A mostra segue no MIS, no dia 3 de maio, às 17h, com títulos como “Noke Koi – A Festa de um Povo Verdadeiro” (AC) e “Sukande Kasáká – Terra Doente” (MT), além das produções paraenses “Umassuma – Lascas de Memória” e “Visagens e Visões”. A sessão inclui ainda “A Ascensão da Cigarra” (RO) e o longa “Como Matar um Rio” (RO). No dia 4, a programação apresenta “Dia dos Pais” (AM), “Cata” (MA) e o longa “Os Avós” (AM), com início às 18h30.
A Mostra Pan-Amazônica começa em 29 de abril, na Casa das Artes, com “Amora” (SP), às 17h30. No dia 30, no Cine Líbero Luxardo, às 18h30, serão exibidos “Boiuna” (PA), “Cais” (BA) e o documentário “Dona Onete: Meu Coração Nesse Pedacinho Aqui” (RJ), às 20h. No dia 1º de maio, a programação reúne curtas como “Não São Águas Passadas” (PA), “Samba Infinito” (RJ) e “Como Nasce Um Rio” (BA), além de “Agrotóxicos Sem Fronteira: Um Dilema Global” (DF), com início às 18h30, e o longa “Honestino” (AM), às 20h.
No dia 2 de maio, a mostra apresenta “Você Lembra” (MG) e “Glória e Liberdade” (CE), com início às 16h30, além dos curtas “Arame Farpado” (SP), “Quanto Vale o Azul?” (RJ) e “Quilombo – Grileiros de Antinha de Baixo” (GO), às 18h30, encerrando com “Nimuendajú” (MG), às 20h. No dia 3, filmes internacionais como “Feridas de Asfalto” (Equador), “Morichales” (Colômbia), às 16h30, “Sara” (Peru) e “Varado” (Guiana Francesa), às 18h30, compõem a programação.

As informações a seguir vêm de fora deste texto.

Lemma moufang_r x a y : y ⊙ ((x ⊙ a) ⊙ x) = ((y ⊙ x) ⊙ a) ⊙ x.
Proof.
have T1 := teichmuller y a x x; have T2 := teichmuller a y x x.
rewrite !associator_yxx ?mulr0 !add0r in T1 T2.
rewrite (associatorC12 a y) (associatorC12 a y x) mulNr in T2.
rewrite flexible mulA_l (mulA_l y).
rewrite (associatorC12 (y ⊙ x)) (associatorC23 y x); zmod_linear (congr2 +%R T1 T2).
Qed.

Lemma mul_eq0_of_cycle p q r : q ⊙ r = 0 -> r ⊙ p = 0 -> (p ⊙ q) ⊙ r = 0.
Proof.
move=> qr0 rp0; rewrite mulA_l qr0 mulr0 add0r associator_cycle.
by rewrite /associator qr0 rp0 mul0r mulr0 subrr.
Qed.

Lemma comm_mul_leibniz x y z :
  [x ⊙ y, z] - x ⊙ [y, z] - [x, z] ⊙ y = assoc x y z *+ 3.
Proof.
have -> : [x ⊙ y, z] - x ⊙ [y, z] - [x, z] ⊙ y =
          assoc x y z - assoc x z y + assoc z x y.
  by rewrite /comm /associator; expand; zmod_normalize.
rewrite (associatorC23 x z) (associator_cycle z) !mulrS mulr0n; zmod_normalize.
Qed.

Lemma commr_eq0 x y z :
  assoc x y z = 0 -> [x ⊙ y, z] = 0 -> [y, z] = 0 -> [x, z] ⊙ y = 0.
Proof.
move=> A0 xyz yz; have := comm_mul_leibniz x y z.
by rewrite A0 mul0rn xyz yz mulr0 subrr sub0r => /oppr0_inj.
Qed.

Lemma comml_eq0 x y z :
  assoc x y z = 0 -> [x ⊙ y, z] = 0 -> [x, z] = 0 -> x ⊙ [y, z] = 0.
Proof.
move=> A0 xyz xz; have := comm_mul_leibniz x y z.
by rewrite A0 mul0rn xyz xz mul0r subr0 sub0r => /oppr0_inj.
Qed.

Variable D : R -> R.
Hypothesis D_Lie3 : mult_Lie3_derivation mul D.

Definition add_defect a b := D (a + b) - D a - D b.

Lemma Lie3_D0 : D 0 = 0.
Proof. by have := D_Lie3 0 0 0; rewrite !(commxx, comm0l, comm0r) !addr0. Qed.

Lemma add_defect0l a : add_defect 0 a = 0.
Proof. by rewrite /add_defect add0r Lie3_D0 subr0 subrr. Qed.
Lemma add_defect0r a : add_defect a 0 = 0.
Proof. by rewrite /add_defect addr0 Lie3_D0 subr0 subrr. Qed.
(* Let $s\geq1$, let $q$ be a prime power and let $C^{(1)},\ldots,C^{(s)}\in\mathbb{F}_q^{\mathbb{N}\times\mathbb{N}_0}$ be finite-row generating matrices having optimal row-lengths and yielding, via Algorithm 1 (for some admissible choice of the bijections), a $(\mathbf{T},s)$-sequence in base $q$ with $\mathbf{T}\equiv 0$. Let $(s_n)_{n\geq0}$ be a sequence in $\mathbb{Z}_q$. Then, for any choice of bijections $\psi_r$, $\lambda_{i,j}$, the sequence produced by Algorithm 2 with these matrices and input $(s_n)_{n\ge0}$ is uniformly distributed in $[0,1]^s$ if and only if $(s_n)_{n\geq0}$ is uniformly distributed in $\mathbb{Z}_q$.
   Context: $\mathbb{F}_q$ is the finite field with $q$ elements, $D_q=\{0,\ldots,q-1\}$. $\mathbb{Z}_q$ is the ring of $q$-adic integers; each $z\in\mathbb{Z}_q$ has a unique representation $z=\sum_{r\ge0}a_rq^r$, $a_r\in D_q$ (the base-$q$ expansion for nonnegative integers), and $\tau_k(z)=\sum_{r<k}a_rq^r$. $(x_n)$ in $\mathbb{Z}_q$ is uniformly distributed in $\mathbb{Z}_q$ if for all $k\ge1$ and $0\le a<q^k$, $\frac1N\#\{n<N:\tau_k(x_n)\equiv a\bmod q^k\}\to q^{-k}$. A matrix $C^{(i)}=(c^{(i)}_{j,r})_{j\ge1,r\ge0}$ is finite-row if each row has finitely many nonzero entries. The length of row $j$ of $C^{(i)}$ is $\sup\{r:c^{(i)}_{j,r}\neq0\}+1$; the matrices have optimal row-lengths if for all $i\in\{1,\ldots,s\}$ and $j\ge1$ the length of row $j$ of $C^{(i)}$ is at most $sj$. Algorithm 2: choose bijections $\psi_r:D_q\to\mathbb{F}_q$ ($r\ge0$), finite-row matrices $C^{(i)}$, bijections $\lambda_{i,j}:\mathbb{F}_q\to D_q$, and $(s_n)$ in $\mathbb{Z}_q$; with $s_n=\sum_r a_rq^r$ put $x_n^{(i)}=\sum_{j\ge1}\lambda_{i,j}(\sum_r c^{(i)}_{j,r}\psi_r(a_r))q^{-j}$, $\boldsymbol{x}_n=(x_n^{(1)},\dots,x_n^{(s)})$. Algorithm 1 is the same with $s_n=n$ and $\psi_r(0)=0$ for all large $r$. The truncation $[x_n^{(i)}]_{q,m}$ is $\sum_{j=1}^m\lambda_{i,j}(\cdots)q^{-j}$ (truncation of this digit expansion), applied coordinatewise to vectors. An elementary interval in base $q$ is $\prod_{i=1}^s[a_iq^{-d_i},(a_i+1)q^{-d_i})$ with integers $d_i\ge0$, $0\le a_i<q^{d_i}$. For integers $0\le t\le m$, a $(t,m,s)$-net in base $q$ is a set of $q^m$ points in $[0,1)^s$ such that every elementary interval of volume $q^{t-m}$ contains exactly $q^t$ of them. For $\mathbf{T}:\mathbb{N}_0\to\mathbb{N}_0$ with $\mathbf{T}(m)\le m$, a sequence $(\boldsymbol{x}_n)$ in $[0,1]^s$ is a $(\mathbf{T},s)$-sequence in base $q$ if for all $k\ge0$ and all $m$ with $\mathbf{T}(m)<m$ the points $[\boldsymbol{x}_n]_{q,m}$, $kq^m\le n<(k+1)q^m$, form a $(\mathbf{T}(m),m,s)$-net in base $q$. A sequence in $[0,1]^s$ is uniformly distributed if the star discrepancy $\sup_J|A(J)/N-\mathrm{vol}(J)|$ of its first $N$ terms (sup over subintervals $J\subseteq[0,1]^s$ with a vertex at the origin, $A(J)=\#\{n<N:\boldsymbol{x}_n\in J\}$) tends to $0$. *)

From HB Require Import structures.
From mathcomp Require Import all_boot all_order all_algebra.
From mathcomp Require Import boolp classical_sets reals ereal topology normedtype sequences.
Set Implicit Arguments. Unset Strict Implicit. Unset Printing Implicit Defensive.
Import Order.TTheory GRing.Theory Num.Theory numFieldNormedType.Exports.
Local Open Scope classical_set_scope.
Local Open Scope ring_scope.
(* Let $h$ be a positive integer and $m=100h-1$. Write $(x_0X)^m=\sum_{i=0}^{m}a_iX^i$ in $A[X;D]$, where $a_i\in A(100h-1)$. Then there is an index $i>\frac34(m+1)$ such that $a_i\notin B_1$ and $a_j\in B_1$ for all $j>i$.
   Context: Let $K$ be a field and $A$ the free associative (non-unital) $K$-algebra on free generators $x_0,x_1,x_2,\dots$, with $K$-basis of monomials; $A^1$ is $A$ with unity adjoined. For $n\ge1$, $A(n)$ is the $K$-span of monomials of length $n$, and $A(0)=K$. For a monomial $s=x_{i_1}\cdots x_{i_n}$ write $s[q]=x_{i_q}$. Let $D$ be the derivation of $A$ with $D(x_i)=x_{i+1}$, and $A[X;D]$ the differential polynomial ring ($Xa=aX+D(a)$). $Z_1$ is the set of elements $a\in A$ of one of the forms: (1) $a=\kappa s$, $\kappa\in K$, $s$ a monomial of length $99$ with $s[3^p]=s[3^q]$ for some $0\le p<q\le 1$ (i.e. $s[1]=s[3]$); (2) $a=\kappa(s_1+s_2)$, $\kappa\in K$, $s_1,s_2$ monomials of length $99$, with integers $l_1>l_2\ge0$ such that $s_1[1]=x_{l_1}$, $s_1[3]=x_{l_2}$, $s_2[1]=x_{l_2}$, $s_2[3]=x_{l_1}$, and $s_1,s_2$ agree at all other positions. $B_1=\sum_{m\ge0}A(100m)\,Z_1\,A^1$ (the $K$-span of products $uzv$ with $u\in A(100m)$, $m\ge0$, $z\in Z_1$, $v\in A^1$). *)

From HB Require Import structures.
From mathcomp Require Import all_boot all_algebra.
Set Implicit Arguments. Unset Strict Implicit. Unset Printing Implicit Defensive.
Import GRing.Theory.
Local Open Scope ring_scope.

(* A monomial x_{i_1} ... x_{i_n} is the word [:: i_1; ...; i_n] (seq nat);
   the empty word is the unit of A^1.  An element of A^1 is represented by a
   formal finite sum (list of (coefficient, word) pairs); its actual value is
   the coefficient function [ev]. Two formal sums denote the same element iff
   their [ev] agree. Elements of A are those with coefficient 0 on the empty word. *)
Definition word := seq nat.
Definition fsum (K : Type) := seq (K * word).

Section FreeAlg.
Variable K : fieldType.

Definition ev (p : fsum K) (w : word) : K := \sum_(t <- p | t.2 == w) t.1.

Definition fmul (p q : fsum K) : fsum K :=
  [seq (a.1 * b.1, a.2 ++ b.2) | a <- p, b <- q].

Definition fscale (c : K) (p : fsum K) : fsum K := [seq (c * a.1, a.2) | a <- p].

(* the derivation D with D(x_i) = x_{i+1}, on a monomial (Leibniz rule) *)
Definition Dword (w : word) : fsum K :=
  [seq (1, set_nth 0%N w q (nth 0%N w q).+1) | q <- iota 0 (size w)].

Definition Dsum (p : fsum K) : fsum K :=
  flatten [seq fscale a.1 (Dword a.2) | a <- p].

(* Elements of A[X;D]: coefficient lists, the i-th entry is the coefficient of X^i
   (written on the left: sum a_i X^i). Multiplication uses
   (a X^i)(b X^j) = sum_k C(i,k) a D^k(b) X^(i-k+j), i.e. X a = a X + D(a). *)
Definition omul (P Q : seq (fsum K)) : seq (fsum K) :=
  mkseq (fun n =>
    flatten [seq
      flatten [seq
        flatten [seq
          (if (i - k + j == n)%N
           then fscale ('C(i, k))%:R (fmul (nth [::] P i) (iter k Dsum (nth [::] Q j)))
           else [::])
        | j <- iota 0 (size Q)]
      | k <- iota 0 i.+1]
    | i <- iota 0 (size P)]) (size P + size Q).

Definition x0X : seq (fsum K) := [:: [::]; [:: (1, [:: 0%N])]].

(* (x_0 X)^m for m >= 1 *)
Definition x0Xpow (m : nat) : seq (fsum K) := iter m.-1 (omul x0X) x0X.

Definition coefA (m i : nat) : fsum K := nth [::] (x0Xpow m) i.

Definition inA (n : nat) (u : fsum K) : Prop :=
  forall w, ev u w != 0 -> size w = n.

(* positions are 1-based in the paper: s[q] = nth 0 s (q-1) *)
Definition inZ1 (z : fsum K) : Prop :=
  (exists (kappa : K) (s : word),
      size s = 99%N /\ nth 0%N s 0 = nth 0%N s 2 /\ ev z =1 ev [:: (kappa, s)])
  \/
  (exists (kappa : K) (s1 s2 : word) (l1 l2 : nat),
      size s1 = 99%N /\ size s2 = 99%N /\ (l2 < l1)%N /\
      nth 0%N s1 0 = l1 /\ nth 0%N s1 2 = l2 /\
      nth 0%N s2 0 = l2 /\ nth 0%N s2 2 = l1 /\
      (forall q, q <> 0%N -> q <> 2%N -> nth 0%N s1 q = nth 0%N s2 q) /\
      ev z =1 ev [:: (kappa, s1); (kappa, s2)]).

(* B_1 = sum_{m>=0} A(100m) Z_1 A^1 : finite sums of products u z v,
   u in A(100 m_k), z in Z_1, v in A^1 (scalars are absorbed into u). *)
Definition inB1 (a : fsum K) : Prop :=
  exists l : seq (nat * fsum K * fsum K * fsum K),
    (forall t, t \in l -> inA (100 * t.1.1.1) t.1.1.2 /\ inZ1 t.1.2) /\
    ev a =1 ev (flatten [seq fmul (fmul t.1.1.2 t.1.2) t.2 | t <- l]).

No dia 4, retornam “Dona Onete: Meu Coração Nesse Pedacinho Aqui” (RJ), com início às 16h40, seguido de “Era Uma Vez nos Andes” (Peru), às 18h30, e “O Rio dos Espíritos” (Equador/EUA), às 20h10. A mostra encerra no dia 5 com “Shiringa, Genocídio e Resistência na Amazônia” (Peru), às 18h30, e “Kueka, Memória Ancestral” (Venezuela), às 20h10.
Outro destaque é a Mostra As Amazonas do Cinema, realizada na Casa das Artes, que inicia no dia 30 de abril com curtas como “Quem Quer?” (PA), “Maira Porongyta – O Aviso dos Céus” (RJ), “Tapando Buracos” (AL) e “Madre” (GO), com início às 18h30, além de “Cabeça, Ombro, Joelho e Pé” (SP), “Áudios de Casa” (SP) e o longa “A Vida Secreta dos Meus Três Homens” (CE), às 20h. No dia 1º de maio, a programação segue com “A Pele do Ouro” (RR), “Beira” (RO), “Ambivalência” (RJ) e “Rami Rami Kirami” (AC), às 18h30, e o longa “Mama” (Equador), às 20h.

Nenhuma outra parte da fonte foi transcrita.